Air Deccan’s logo in 2005 emphasizing Air Deccan’s goal of making air travel more accessible.

Air Deccan’s Vision and Mission Statement

Air Deccan’s vision was to make the common man fly, which can be seen through Captain Gopinath’s low-cost business model. Air Deccan was the first low-cost carrier in India to simplify air travel by providing a safe and reliable mode of transport that could be easily accessed and booked by the common man through either travel agents, call centers, and even the internet, which was a pretty big thing at that time.

So Air Deccan became the first Indian company to integrate all of its multiple distribution channels with the internet, thus avoiding the costs of printing tickets which gave it an edge against the other carriers it was competing with.

ATR Aircraft used by Air Deccan for its regional destinations.

Business Model and its Growth

Air Deccan adopted a “no-frills low cost” strategy, which basically means they reduced the costs by getting rid of all the non-essential features. Their focus was on lowering the costs as much as possible in order to get as many customers as possible. By being an early mover to this industry, they were able to tap into the low-cost airline market.

Air Deccan wasn’t focused on competing against the other airlines in the aviation industry but aimed to target the customers who traveled in the upper classes of the railways. They targeted middle-class passengers by offering competitive pricing which was sometimes even lesser than an upper-class ticket in the railways.

By 2005, the airline grew rapidly, with nearly a 30% increase in the passenger numbers compared to the previous year. It was able to offer very low costs by outsourcing most of its business operations and focusing only on its core operations. They adopted strategies to maximize aircraft utilization through its flying hours and being the carrier with the widest reach in India. They had also strategically tied up with Hindustan Petroleum to sell tickets for their airline at all fuel stations throughout the country. This would allow Air Deccan to expand its retail outlets throughout the country.

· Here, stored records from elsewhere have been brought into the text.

Lemma vnk_grid_shift N j : (j < 2 ^ N - 1)%nat ->
  exists s, (s < 2 ^ N)%nat /\ forall t, 0 <= t < 1 -> vnk (grid (2 ^ N) j t) = grid (2 ^ N) s t.
Proof.
  intros Hj.
  (* With this e, the cell j lies inside the level N - e of a. *)
  set (e := Nat.log2 (2 ^ N - j - 1)).
  assert (He : (2 ^ e <= 2 ^ N - j - 1 < 2 * 2 ^ e)%nat) by (apply Nat.log2_spec; lia).
  assert (HeN : (e < N)%nat) by (apply Nat.log2_lt_pow2; lia).
  assert (HeN' : (2 * 2 ^ e <= 2 ^ N)%nat)
    by (change (2 ^ S e <= 2 ^ N)%nat; apply Nat.pow_le_mono_r; lia).
  exists (j + 3 * 2 ^ e - 2 ^ N)%nat. split; [lia|]. intros t Ht.
  set (n := (N - e)%nat).
  assert (PN : 2 ^ N = 2 ^ n * 2 ^ e) by (rewrite <- pow_add; f_equal; unfold n; lia).
  pose proof (pow2_pos n). pose proof (pow2_pos e).
  assert (Hlo : 2 ^ N <= INR j + 2 * 2 ^ e).
  { assert (Hnat : (2 ^ N <= j + 2 * 2 ^ e)%nat) by lia. apply le_INR in Hnat.
    rewrite plus_INR, mult_INR, !INR_pow2 in Hnat. simpl in Hnat. lra. }
  assert (Hhi : INR j + 1 + 2 ^ e <= 2 ^ N).
  { assert (Hnat : (j + 1 + 2 ^ e <= 2 ^ N)%nat) by lia. apply le_INR in Hnat.
    rewrite !plus_INR, !INR_pow2 in Hnat. simpl in Hnat. lra. }
  assert (Hl : on_level (grid (2 ^ N) j t) n).
  { split; [unfold n; lia|]. unfold grid. rewrite INR_pow2.
    replace (1 - 2 / 2 ^ n) with ((2 ^ N - 2 * 2 ^ e) / 2 ^ N) by (rewrite PN; field; lra).
    replace (1 - 1 / 2 ^ n) with ((2 ^ N - 2 ^ e) / 2 ^ N) by (rewrite PN; field; lra).
    rewrite Rdiv_le_mono_pos, Rdiv_lt_mono_pos by (apply pow2_pos). lra. }
  rewrite (vnk_on_level _ _ Hl). unfold grid.
  rewrite minus_INR by lia. rewrite plus_INR, mult_INR, !INR_pow2, PN. simpl. field. lra.
Qed.

Lemma iter_vnk_range m t : 0 <= t < 1 -> 0 <= Nat.iter m vnk t < 1.
Proof.
  intros Ht. induction m as [|m IH]; [exact Ht|].
  simpl. pose proof (vnk_range _ IH). lra.
Qed.

Lemma iter_vnk_even m s : 0 <= s < 1 ->
  Nat.iter (2 * m) vnk (s / 2) = Nat.iter m vnk s / 2.
Proof.
  intros Hs. induction m as [|m IH]; [reflexivity|].
  replace (2 * S m)%nat with (S (S (2 * m))) by lia.
  rewrite !Nat.iter_succ, IH, vnk_lower_half, vnk_upper_half; auto using iter_vnk_range.
Qed.

Lemma iter_vnk_odd m s : 0 <= s < 1 ->
  Nat.iter (S (2 * m)) vnk (s / 2) = (1 + Nat.iter m vnk s) / 2.
Proof.
  intros Hs. rewrite Nat.iter_succ, iter_vnk_even by exact Hs.
  apply vnk_lower_half, iter_vnk_range, Hs.
Qed.

Lemma vnk_enters_lower_half t : 0 <= t < 1 ->
  exists e s, 0 <= s < 1 /\ Nat.iter e vnk t = s / 2.
Proof.
  intros Ht. destruct (Rlt_le_dec t (1 / 2)).
  - exists 0%nat, (2 * t). split; [lra|simpl; lra].
  - exists 1%nat, (vnk (2 * t - 1)). split; [pose proof (vnk_range (2 * t - 1)); lra|].
    simpl. rewrite <- vnk_upper_half by lra. f_equal. lra.
Qed.

Lemma vnk_aperiodic m t : (1 <= m)%nat -> 0 <= t < 1 -> Nat.iter m vnk t <> t.
Proof.
  revert t. induction m as [m IH] using (well_founded_induction lt_wf). intros t Hm.
  assert (Half : forall s, 0 <= s < 1 -> Nat.iter m vnk (s / 2) <> s / 2).
  { intros s Hs E. destruct (Nat.Even_or_Odd m) as [[m' ->]|[m' ->]].
    - rewrite iter_vnk_even in E by exact Hs.
      apply (IH m' ltac:(lia) s); [lia|exact Hs|lra].
    - rewrite Nat.add_1_r, iter_vnk_odd in E by exact Hs.
      pose proof (iter_vnk_range m' s Hs). lra. }
  intros Ht E. destruct (vnk_enters_lower_half t Ht) as [e [s [Hs Es]]].
  apply (Half s Hs). rewrite <- Es, <- Nat.iter_add, Nat.add_comm, Nat.iter_add, E.
  reflexivity.
Qed.

Lemma vnk_orbit_visits n t j : 0 <= t < 1 -> (j < 2 ^ n)%nat ->
  exists m, INR j / 2 ^ n <= Nat.iter m vnk t < (INR j + 1) / 2 ^ n.
Proof.
  revert t j. induction n as [|n IH]; intros t j Ht Hj.
  - exists 0%nat. replace j with 0%nat by (simpl in Hj; lia). simpl. lra.
  - destruct (vnk_enters_lower_half t Ht) as [e [s [Hs Es]]].
    pose proof (pow2_pos n). rewrite Nat.pow_succ_r' in Hj. simpl (2 ^ S n).
    destruct (Nat.lt_ge_cases j (2 ^ n)) as [Hlt|Hge].
    + destruct (IH s j Hs Hlt) as [m Hm]. exists (2 * m + e)%nat.
      rewrite Nat.iter_add, Es, iter_vnk_even by exact Hs.
      replace (INR j / (2 * 2 ^ n)) with ((INR j / 2 ^ n) / 2) by (field; lra).
      replace ((INR j + 1) / (2 * 2 ^ n)) with (((INR j + 1) / 2 ^ n) / 2) by (field; lra).
      lra.
    + destruct (IH s (j - 2 ^ n)%nat Hs ltac:(lia)) as [m Hm]. exists (S (2 * m) + e)%nat.
      rewrite Nat.iter_add, Es, iter_vnk_odd by exact Hs.
      rewrite minus_INR, INR_pow2 in Hm by lia.
      replace (INR j / (2 * 2 ^ n)) with ((1 + (INR j - 2 ^ n) / 2 ^ n) / 2) by (field; lra).
      replace ((INR j + 1) / (2 * 2 ^ n)) with ((1 + (INR j - 2 ^ n + 1) / 2 ^ n) / 2)
        by (field; lra).
      lra.
Qed.

Lemma vnk_orbit_dense t z eps : 0 <= t < 1 -> 0 <= z < 1 -> 0 < eps ->
  exists m, Rabs (Nat.iter m vnk t - z) < eps.
Proof.
  intros Ht Hz He. destruct (small_dyadic eps He) as [n Hn].
  destruct (grid_decomp (2 ^ n) (pow2_nat_pos n) z Hz) as [j [r [Hj [Hr ->]]]].
  destruct (vnk_orbit_visits n t j Ht Hj) as [m Hm]. exists m.
  unfold grid in *. rewrite INR_pow2 in *. pose proof (pow2_pos n).
  rewrite Rdiv_plus_distr in *.
  assert (0 <= r / 2 ^ n < 1 / 2 ^ n).
  { split; [apply Rmult_le_pos; [lra|left; apply Rinv_0_lt_compat; lra]|].
    apply Rdiv_lt_mono_pos; lra. }
  apply Rabs_def1; lra.
Qed.

(** * Injective self-maps of a finite set *)

Lemma iter_fixed_mul {A} (f : A -> A) p y :
  Nat.iter p f y = y -> forall m, Nat.iter (m * p) f y = y.
Proof.
  intros E m. induction m as [|m IH]; [reflexivity|].
  simpl. rewrite Nat.iter_add, IH, E. reflexivity.
Qed.

Lemma iter_fixed_mod {A} (f : A -> A) L y J :
  (L <> 0)%nat -> Nat.iter L f y = y -> Nat.iter (J mod L) f y = Nat.iter J f y.
Proof.
  intros HL E.
  transitivity (Nat.iter (J mod L + J / L * L) f y).
  - now rewrite Nat.iter_add, (iter_fixed_mul f L y E).
  - f_equal. pose proof (Nat.div_mod_eq J L). lia.
Qed.

Section FinitePermutation.
Variable f : nat -> nat.
Variable Q : nat.
Hypothesis f_lt : forall k, (k < Q)%nat -> (f k < Q)%nat.
Hypothesis f_inj : forall a b, (a < Q)%nat -> (b < Q)%nat -> f a = f b -> a = b.

Lemma iter_lt i k : (k < Q)%nat -> (Nat.iter i f k < Q)%nat.
Proof. intros Hk. induction i; simpl; auto. Qed.

Lemma iter_inj i a b : (a < Q)%nat -> (b < Q)%nat -> Nat.iter i f a = Nat.iter i f b -> a = b.
Proof.
  intros Ha Hb. induction i as [|i IH]; simpl; auto.
  intros E. apply IH, f_inj; auto using iter_lt.
Qed.

(* Pigeonhole: the Q + 1 points f^0 k, ..., f^Q k of {0, ..., Q - 1} cannot be distinct. *)
Lemma iter_returns k : (k < Q)%nat -> exists p, (1 <= p <= Q)%nat /\ Nat.iter p f k = k.
Proof.
  intros Hk. apply NNPP; intros Hnone.
  set (g := fun i => Nat.iter i f k).
  assert (Hdistinct : forall i j, (i < j <= Q)%nat -> g i <> g j).
  { intros i j Hij Eij. apply Hnone. exists (j - i)%nat. split; [lia|].
    unfold g in Eij. replace j with (i + (j - i))%nat in Eij by lia.
    rewrite Nat.iter_add in Eij. symmetry. apply (iter_inj i); auto using iter_lt. }
  assert (Hnodup : NoDup (map g (seq 0 (S Q)))).
  { apply NoDup_map_NoDup_ForallPairs; [|apply seq_NoDup].
    intros a b Ha Hb E. apply in_seq in Ha, Hb.
    destruct (lt_eq_lt_dec a b) as [[Hlt|Heq]|Hlt]; [|exact Heq|].
    + exfalso. apply (Hdistinct a b); [lia|exact E].
    + exfalso. apply (Hdistinct b a); [lia|now symmetry]. }
  assert (Hincl : incl (map g (seq 0 (S Q))) (seq 0 Q)).
  { intros y Hy. apply in_map_iff in Hy as [i [<- _]]. apply in_seq. unfold g.
    pose proof (iter_lt i k Hk). lia. }
  pose proof (NoDup_incl_length Hnodup Hincl). rewrite length_map, !length_seq in *. lia.
Qed.

Lemma iter_reverse m a : (a < Q)%nat -> exists j, Nat.iter j f (Nat.iter m f a) = a.
Proof.
  intros Ha. destruct (iter_returns a Ha) as [p [Hp Ep]].
  exists ((p - 1) * m)%nat. rewrite <- Nat.iter_add.
  replace ((p - 1) * m + m)%nat with (m * p)%nat by nia. apply iter_fixed_mul, Ep.
Qed.

Lemma fin_surj y : (y < Q)%nat -> exists x, (x < Q)%nat /\ f x = y.
Proof.
  intros Hy. destruct (iter_returns y Hy) as [p [Hp E]].
  exists (Nat.iter (p - 1) f y). split; [apply iter_lt, Hy|].
  replace p with (S (p - 1)) in E by lia. exact E.
Qed.

End FinitePermutation.

(** * Periodic points *)

Lemma least_period_exists F x : periodic F x -> exists p, least_period F x p.
Proof.
  intros [_ Hex]. destruct (least_witness _ Hex) as [p [[Hp Ep] Hmin]].
  exists p. split; [exact Hp|split; [exact Ep|]].
  intros m Hm1 Hmp E. exact (Hmin m Hmp (conj Hm1 E)).
Qed.

Lemma least_period_le F x p m :
  least_period F x p -> (1 <= m)%nat -> iterF F m x = x -> (p <= m)%nat.
Proof.
  intros [_ [_ Hmin]] Hm E. destruct (le_lt_dec p m) as [|Hlt]; [assumption|].
  exfalso. exact (Hmin m Hm Hlt E).
Qed.

Lemma max_per_interval_periodic F x y z : max_per_interval F x y -> x <= z < y -> periodic F z.
Proof.
  intros [p [[_ Hper] _]] Hz. destruct (Hper z Hz) as [HI [Hp [Ep _]]].
  split; [exact HI|]. now exists p.
Qed.

Section PeriodicPoints.
Variable F : R -> R.
Hypothesis F_maps_I : forall x, in_I x -> in_I (F x).
Hypothesis F_inj_I : forall x y, in_I x -> in_I y -> F x = F y -> x = y.

Lemma iterF_in_I n x : in_I x -> in_I (iterF F n x).
Proof. intros Hx. induction n; simpl; auto. Qed.

Lemma periodic_F x : periodic F x -> periodic F (F x).
Proof.
  intros [HI [p [Hp Ep]]]. split; [auto|]. exists p. split; [exact Hp|].
  unfold iterF in *. now rewrite Nat.iter_swap, Ep.
Qed.

Lemma periodic_iterF n x : periodic F x -> periodic F (iterF F n x).
Proof. intros Hx. induction n; [exact Hx|]. now apply periodic_F. Qed.

Lemma periodic_of_F x : in_I x -> periodic F (F x) -> periodic F x.
Proof.
  intros HI [_ [p [Hp Ep]]]. split; [exact HI|]. exists p. split; [exact Hp|].
  unfold iterF in *. rewrite Nat.iter_swap in Ep.
  apply F_inj_I; [apply iterF_in_I|..]; assumption.
Qed.

Lemma periodic_preimage y : periodic F y -> exists! x, periodic F x /\ F x = y.
Proof.
  intros Hy. destruct Hy as [HI [p [Hp Ep]]].
  assert (Epred : F (iterF F (p - 1) y) = y).
  { unfold iterF in *. replace p with (S (p - 1)) in Ep by lia. exact Ep. }
  exists (iterF F (p - 1) y). split.
  - split; [|exact Epred]. apply periodic_iterF. split; [exact HI|]. now exists p.
  - intros x [[Hx _] Ex]. apply F_inj_I; [now apply iterF_in_I|exact Hx|congruence].
Qed.

End PeriodicPoints.

(** * The rotated odometer *)

Section RotatedOdometer.
Variable N : nat.
Variable pi : nat -> nat.
Hypothesis Hpi : is_perm (2 ^ N) pi.

Notation q := (2 ^ N)%nat.
Notation F := (Fpi N pi).

Let q_pos : (0 < q)%nat := pow2_nat_pos N.

Definition sent_to_last (k : nat) : Prop := pi k = (q - 1)%nat.

Definition next_cell (k : nat) : nat := cell q (F (grid q k 0)).

Lemma rot_grid k t : (k < q)%nat -> 0 <= t < 1 -> rot q pi (grid q k t) = grid q (pi k) t.
Proof.
  intros Hk Ht. unfold rot; cbv zeta.
  change (Z.to_nat (Int_part (INR q * grid q k t))) with (cell q (grid q k t)).
  rewrite cell_grid by assumption. pose proof (lt_0_INR q q_pos).
  unfold grid. field. lra.
Qed.

Lemma F_grid_last k t : (k < q)%nat -> sent_to_last k -> 0 <= t < 1 ->
  F (grid q k t) = grid q 0 (vnk t).
Proof.
  intros Hk Hlast Ht. unfold Fpi. rewrite rot_grid, Hlast by assumption.
  now apply vnk_last_cell.
Qed.

Lemma next_cell_last k : (k < q)%nat -> sent_to_last k -> next_cell k = 0%nat.
Proof.
  intros Hk Hlast. unfold next_cell. rewrite F_grid_last by (auto; lra).
  apply cell_grid; [exact q_pos|]. pose proof (vnk_range 0). lra.
Qed.

Lemma next_cell_shift k : (k < q)%nat -> ~ sent_to_last k ->
  (next_cell k < q)%nat /\ forall t, 0 <= t < 1 -> F (grid q k t) = grid q (next_cell k) t.
Proof.
  intros Hk Hnot.
  assert (Hpk : (pi k < q - 1)%nat)
    by (pose proof (proj1 Hpi k Hk); unfold sent_to_last in Hnot; lia).
  destruct (vnk_grid_shift N (pi k) Hpk) as [s [Hs Eshift]].
  assert (HF : forall t, 0 <= t < 1 -> F (grid q k t) = grid q s t).
  { intros t Ht. unfold Fpi. rewrite rot_grid by assumption. now apply Eshift. }
  assert (next_cell k = s) as ->
    by (unfold next_cell; rewrite HF by lra; apply cell_grid; [exact q_pos|lra]).
  split; assumption.
Qed.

By 2006, they became the third-largest airline in India, with a 19% market share expanding to 55 airports, and flying nearly 260 flights per day. Their fleet consisted of only 30 aircraft at that time, but by the end of 2006, they had placed an order for 30 more A320s. They had a vision to reach even the remotest places in the country, where no other carrier would even go, thus the customers would develop a sense of loyalty towards the company.

How were they able to offer one rupee tickets?

The one-rupee tickets were offered in order to achieve Air Deccan’s motive to “Enable every common man to fly”. Air Deccan really cared about its vision and was focused on giving a lot of middle-class people their first experience in flying. Overall, the tickets would cost around Rs 221, when included with taxes. Also, the number of seats which would get this one-rupee offer would also be very limited. I feel that this was a way of getting more people into the aviation market segment, and also a form of advertising for Air Deccan. The tickets were non-refundable and had cancellation charges, and no refunds or accommodations were provided for people who missed their flight.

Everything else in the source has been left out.